- _TASK INPUTS_
Lemma gronwall (phi dphi : R -> R) (A c T : R) : 0 < A -> 0 <= c ->
  (forall t : R, is_derive t 1 phi (dphi t)) ->
  (forall t, 0 < t < T -> dphi t <= A * phi t + c) ->
  forall t, 0 <= t <= T -> phi t <= expR (A * t) * (phi 0 + c / A).
Proof.
move=> A_gt0 c_ge0 phi_dphi dphi_le t /andP[t_ge0 t_leT].
pose E y := expR (- (A * y)).
have E_dE (y : R) : is_derive y 1 E (E y * - A).
  apply: (is_derive1_comp (is_derive_expR _)).
  by apply: is_derive_eq; rewrite [_%:A]mulr1.
pose psi y := E y * (phi y + c / A).
have psi_dpsi (y : R) : is_derive y 1 psi (E y * (dphi y - A * phi y - c)).
  have -> : psi = E * (fun y => phi y + c / A) by [].
  apply: is_derive_eq.
  rewrite /GRing.scale /= addr0; field; exact: lt0r_neq0.
have psi_cont : {within `[0, T], continuous psi}.
  by apply: derivable_within_continuous => y _; exact: ex_derive.
have psi_le : psi t <= psi 0.
  have zero_in : 0 \in `[0, T] by rewrite in_itv /= lexx (le_trans t_ge0 t_leT).
  have t_in : t \in `[0, T] by rewrite in_itv /= t_ge0 t_leT.
  apply: (ler0_derive1_le_cc _ _ psi_cont t_in zero_in t_ge0).
  - by move=> y _; exact: ex_derive.
  - move=> y; rewrite in_itv /= derive1E => y_in; have [_ ->] := psi_dpsi y.
    by apply: mulr_ge0_le0; [exact: ltW (expR_gt0 _) | have := dphi_le y y_in; lra].
move: psi_le; rewrite /psi /E mulr0 oppr0 expR0 mul1r expRN mulrC ler_pdivrMr ?expR_gt0 //.
have : 0 <= c / A by apply: divr_ge0 => //; exact: ltW.
lra.
Qed.

Lemma derivable_itv_ubound (g : R -> R) (a b : R) : (forall t, derivable g t 1) ->
  exists B, forall t, a <= t <= b -> g t <= B.
Proof.
move=> g_derivable; have [ab|ba] := leP a b; last first.
  by exists 0 => t /andP[a_le b_ge]; have := le_trans a_le b_ge; rewrite leNgt ba.
have [c _ g_max] := EVT_max ab (derivable_within_continuous (fun t _ => g_derivable t)).
by exists (g c) => t t_ab; apply: g_max; rewrite in_itv.
Qed.

Lemma sup_cvg0_of_sqr_le (U : Type) (I : set U) (F : R -> U -> R) (M : R) :
  I !=set0 -> 0 <= M ->
  (forall s, 0 < s <= 1 -> forall t, I t -> 0 <= F s t /\ F s t ^+ 2 <= s * M) ->
  (fun s => sup [set F s t | t in I]) @ 0^'+ --> 0.
Proof.
move=> [t0 It0] M_ge0 F_le; apply/cvgrPdist_le => eps eps_gt0.
have small_gt0 : 0 < eps ^+ 2 / (M + 1) by apply: divr_gt0; [exact: exprn_gt0 | lra].
near=> s.
have s01 : 0 < s <= 1.
  apply/andP; split; first by near: s; exact: nbhs_right_gt.
  by apply: ltW; near: s; exact: nbhs_right_lt ltr01.
have sM_le : s * M <= eps ^+ 2.
  have : s < eps ^+ 2 / (M + 1) by near: s; exact: nbhs_right_lt.
  rewrite ltr_pdivlMr; last lra.
  have : s * M <= s * (M + 1) by apply: ler_wpM2l; [case/andP: s01 => /ltW | lra].
  lra.
have F_le_eps t : I t -> F s t <= eps.
  move=> It; have [F_ge0 F_sqr] := F_le s s01 t It.
  by rewrite -ler_sqr ?nnegrE ?(ltW eps_gt0) //; exact: le_trans sM_le.
have sup_ge0 : 0 <= sup [set F s t | t in I].
  have [F0_ge0 _] := F_le s s01 t0 It0.
  apply: le_trans F0_ge0 (sup_upper_bound _ _); last by exists t0.
  by split; [exists (F s t0), t0 | exists eps => _ [t It <-]; exact: F_le_eps].
rewrite sub0r normrN ger0_norm //; apply: ge_sup; first by exists (F s t0), t0.
by move=> _ [t It <-]; exact: F_le_eps.
Unshelve. all: by end_near.
Qed.

End RealFunctions.

Lemma second_order_ode_sub (R : realFieldType) m p (a b r : R)
    (y'' y' h gy x'' x' gx : 'M[R]_(m, p)) :
  y'' + a *: y' + b *: h + (1 + r) *: gy = 0 -> x'' + a *: x' + gx = 0 ->
  y'' - x'' = - (a *: (y' - x') + (gy - gx)) - (b *: h + r *: gy).
Proof.
move=> eq_y eq_x; apply/matrixP => i j.
by move/matrixP/(_ i j): eq_y; move/matrixP/(_ i j): eq_x; rewrite !mxE; lra.
Qed.

Section HighResolutionError.
Variables (R : realType) (n : nat) (mu L beta B T : R) (x0 : 'rV[R]_n).
Variables (f : 'rV[R]_n -> R) (X : R -> 'rV[R]_n).
Hypotheses (mu_gt0 : 0 < mu) (L_ge0 : 0 <= L) (beta01 : 0 <= beta <= 1) (T_ge0 : 0 <= T).
Hypothesis grad_diff : forall x, differentiable (grad f) x.
Hypothesis grad_lip : forall x y, enorm (grad f x - grad f y) <= L * enorm (x - y).
Hypotheses (dX : forall t, derivable X t 1) (ddX : forall t, derivable (derive1 X) t 1).
Hypothesis odeX : forall t, 0 <= t ->
  derive1 (derive1 X) t + (2 * Num.sqrt mu) *: derive1 X t + grad f (X t) = 0.
Hypotheses (X0 : X 0 = x0) (dX0 : derive1 X 0 = 0).
Hypothesis low_res_bound : forall t, 0 <= t <= T ->
  sqenorm (derive1 X t) + sqenorm (grad f (X t)) <= B.

Definition hr_accel_rate : R :=
  16 * mu + 8 * (n%:R * L) ^+ 2 + 4 * L ^+ 2 + 8 * mu * L ^+ 2.
Definition hr_accel_forcing : R := 8 * B * ((n%:R * L) ^+ 2 + mu).
Definition hr_error_bound : R := expR ((hr_accel_rate + 2) * T) *
  (4 * sqenorm (grad f x0) + hr_accel_forcing / (hr_accel_rate + 2)).

Let vel_bound t : 0 <= t <= T -> sqenorm (derive1 X t) <= B.
Proof. by move=> /low_res_bound; have := sqenorm_ge0 (grad f (X t)); lra. Qed.

Let grad_bound t : 0 <= t <= T -> sqenorm (grad f (X t)) <= B.
Proof. by move=> /low_res_bound; have := sqenorm_ge0 (derive1 X t); lra. Qed.

Let B_ge0 : 0 <= B.
Proof. by apply: le_trans (sqenorm_ge0 (derive1 X 0)) (vel_bound _); rewrite lexx T_ge0. Qed.

Let accel_rate_ge0 : 0 <= hr_accel_rate.
Proof.
rewrite /hr_accel_rate; have mu_ge0 := ltW mu_gt0.
by do !apply: addr_ge0; do ?apply: mulr_ge0 => //; exact: sqr_ge0.
Qed.

Let accel_rate_gt0 : 0 < hr_accel_rate + 2.
Proof. by have := accel_rate_ge0; lra. Qed.

Let accel_forcing_ge0 : 0 <= hr_accel_forcing.
Proof.
by apply: mulr_ge0; [exact: mulr_ge0 | apply: addr_ge0; [exact: sqr_ge0 | exact: ltW]].
Qed.

Lemma hr_error_bound_ge0 : 0 <= hr_error_bound.
Proof.
apply: mulr_ge0; first exact: ltW (expR_gt0 _).
apply: addr_ge0; first exact: mulr_ge0 (sqenorm_ge0 _).
exact: divr_ge0 accel_forcing_ge0 (ltW accel_rate_gt0).
Qed.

- _ACTION ITEM_
Would you please transcribe all of the entries above exactly?

- _TASK RESULT_
Lemma gronwall (phi dphi : R -> R) (A c T : R) : 0 < A -> 0 <= c ->
  (forall t : R, is_derive t 1 phi (dphi t)) ->
  (forall t, 0 < t < T -> dphi t <= A * phi t + c) ->
  forall t, 0 <= t <= T -> phi t <= expR (A * t) * (phi 0 + c / A).
Proof.
move=> A_gt0 c_ge0 phi_dphi dphi_le t /andP[t_ge0 t_leT].
pose E y := expR (- (A * y)).
have E_dE (y : R) : is_derive y 1 E (E y * - A).
  apply: (is_derive1_comp (is_derive_expR _)).
  by apply: is_derive_eq; rewrite [_%:A]mulr1.
pose psi y := E y * (phi y + c / A).
have psi_dpsi (y : R) : is_derive y 1 psi (E y * (dphi y - A * phi y - c)).
  have -> : psi = E * (fun y => phi y + c / A) by [].
  apply: is_derive_eq.
  rewrite /GRing.scale /= addr0; field; exact: lt0r_neq0.
have psi_cont : {within `[0, T], continuous psi}.
  by apply: derivable_within_continuous => y _; exact: ex_derive.
have psi_le : psi t <= psi 0.
  have zero_in : 0 \in `[0, T] by rewrite in_itv /= lexx (le_trans t_ge0 t_leT).
  have t_in : t \in `[0, T] by rewrite in_itv /= t_ge0 t_leT.
  apply: (ler0_derive1_le_cc _ _ psi_cont t_in zero_in t_ge0).
  - by move=> y _; exact: ex_derive.
  - move=> y; rewrite in_itv /= derive1E => y_in; have [_ ->] := psi_dpsi y.
    by apply: mulr_ge0_le0; [exact: ltW (expR_gt0 _) | have := dphi_le y y_in; lra].
move: psi_le; rewrite /psi /E mulr0 oppr0 expR0 mul1r expRN mulrC ler_pdivrMr ?expR_gt0 //.
have : 0 <= c / A by apply: divr_ge0 => //; exact: ltW.
lra.
Qed.

Lemma derivable_itv_ubound (g : R -> R) (a b : R) : (forall t, derivable g t 1) ->
  exists B, forall t, a <= t <= b -> g t <= B.
Proof.
move=> g_derivable; have [ab|ba] := leP a b; last first.
  by exists 0 => t /andP[a_le b_ge]; have := le_trans a_le b_ge; rewrite leNgt ba.
have [c _ g_max] := EVT_max ab (derivable_within_continuous (fun t _ => g_derivable t)).
by exists (g c) => t t_ab; apply: g_max; rewrite in_itv.
Qed.

Lemma sup_cvg0_of_sqr_le (U : Type) (I : set U) (F : R -> U -> R) (M : R) :
  I !=set0 -> 0 <= M ->
  (forall s, 0 < s <= 1 -> forall t, I t -> 0 <= F s t /\ F s t ^+ 2 <= s * M) ->
  (fun s => sup [set F s t | t in I]) @ 0^'+ --> 0.
Proof.
move=> [t0 It0] M_ge0 F_le; apply/cvgrPdist_le => eps eps_gt0.
have small_gt0 : 0 < eps ^+ 2 / (M + 1) by apply: divr_gt0; [exact: exprn_gt0 | lra].
near=> s.
have s01 : 0 < s <= 1.
  apply/andP; split; first by near: s; exact: nbhs_right_gt.
  by apply: ltW; near: s; exact: nbhs_right_lt ltr01.
have sM_le : s * M <= eps ^+ 2.
  have : s < eps ^+ 2 / (M + 1) by near: s; exact: nbhs_right_lt.
  rewrite ltr_pdivlMr; last lra.
  have : s * M <= s * (M + 1) by apply: ler_wpM2l; [case/andP: s01 => /ltW | lra].
  lra.
have F_le_eps t : I t -> F s t <= eps.
  move=> It; have [F_ge0 F_sqr] := F_le s s01 t It.
  by rewrite -ler_sqr ?nnegrE ?(ltW eps_gt0) //; exact: le_trans sM_le.
have sup_ge0 : 0 <= sup [set F s t | t in I].
  have [F0_ge0 _] := F_le s s01 t0 It0.
  apply: le_trans F0_ge0 (sup_upper_bound _ _); last by exists t0.
  by split; [exists (F s t0), t0 | exists eps => _ [t It <-]; exact: F_le_eps].
rewrite sub0r normrN ger0_norm //; apply: ge_sup; first by exists (F s t0), t0.
by move=> _ [t It <-]; exact: F_le_eps.
Unshelve. all: by end_near.
Qed.

End RealFunctions.

Lemma second_order_ode_sub (R : realFieldType) m p (a b r : R)
    (y'' y' h gy x'' x' gx : 'M[R]_(m, p)) :
  y'' + a *: y' + b *: h + (1 + r) *: gy = 0 -> x'' + a *: x' + gx = 0 ->
  y'' - x'' = - (a *: (y' - x') + (gy - gx)) - (b *: h + r *: gy).
Proof.
move=> eq_y eq_x; apply/matrixP => i j.
by move/matrixP/(_ i j): eq_y; move/matrixP/(_ i j): eq_x; rewrite !mxE; lra.
Qed.

Section HighResolutionError.
Variables (R : realType) (n : nat) (mu L beta B T : R) (x0 : 'rV[R]_n).
Variables (f : 'rV[R]_n -> R) (X : R -> 'rV[R]_n).
Hypotheses (mu_gt0 : 0 < mu) (L_ge0 : 0 <= L) (beta01 : 0 <= beta <= 1) (T_ge0 : 0 <= T).
Hypothesis grad_diff : forall x, differentiable (grad f) x.
Hypothesis grad_lip : forall x y, enorm (grad f x - grad f y) <= L * enorm (x - y).
Hypotheses (dX : forall t, derivable X t 1) (ddX : forall t, derivable (derive1 X) t 1).
Hypothesis odeX : forall t, 0 <= t ->
  derive1 (derive1 X) t + (2 * Num.sqrt mu) *: derive1 X t + grad f (X t) = 0.
Hypotheses (X0 : X 0 = x0) (dX0 : derive1 X 0 = 0).
Hypothesis low_res_bound : forall t, 0 <= t <= T ->
  sqenorm (derive1 X t) + sqenorm (grad f (X t)) <= B.

Definition hr_accel_rate : R :=
  16 * mu + 8 * (n%:R * L) ^+ 2 + 4 * L ^+ 2 + 8 * mu * L ^+ 2.
Definition hr_accel_forcing : R := 8 * B * ((n%:R * L) ^+ 2 + mu).
Definition hr_error_bound : R := expR ((hr_accel_rate + 2) * T) *
  (4 * sqenorm (grad f x0) + hr_accel_forcing / (hr_accel_rate + 2)).

Let vel_bound t : 0 <= t <= T -> sqenorm (derive1 X t) <= B.
Proof. by move=> /low_res_bound; have := sqenorm_ge0 (grad f (X t)); lra. Qed.

Let grad_bound t : 0 <= t <= T -> sqenorm (grad f (X t)) <= B.
Proof. by move=> /low_res_bound; have := sqenorm_ge0 (derive1 X t); lra. Qed.

Let B_ge0 : 0 <= B.
Proof. by apply: le_trans (sqenorm_ge0 (derive1 X 0)) (vel_bound _); rewrite lexx T_ge0. Qed.

Let accel_rate_ge0 : 0 <= hr_accel_rate.
Proof.
rewrite /hr_accel_rate; have mu_ge0 := ltW mu_gt0.
by do !apply: addr_ge0; do ?apply: mulr_ge0 => //; exact: sqr_ge0.
Qed.

Let accel_rate_gt0 : 0 < hr_accel_rate + 2.
Proof. by have := accel_rate_ge0; lra. Qed.

Let accel_forcing_ge0 : 0 <= hr_accel_forcing.
Proof.
by apply: mulr_ge0; [exact: mulr_ge0 | apply: addr_ge0; [exact: sqr_ge0 | exact: ltW]].
Qed.

Lemma hr_error_bound_ge0 : 0 <= hr_error_bound.
Proof.
apply: mulr_ge0; first exact: ltW (expR_gt0 _).
apply: addr_ge0; first exact: mulr_ge0 (sqenorm_ge0 _).
exact: divr_ge0 accel_forcing_ge0 (ltW accel_rate_gt0).
Qed.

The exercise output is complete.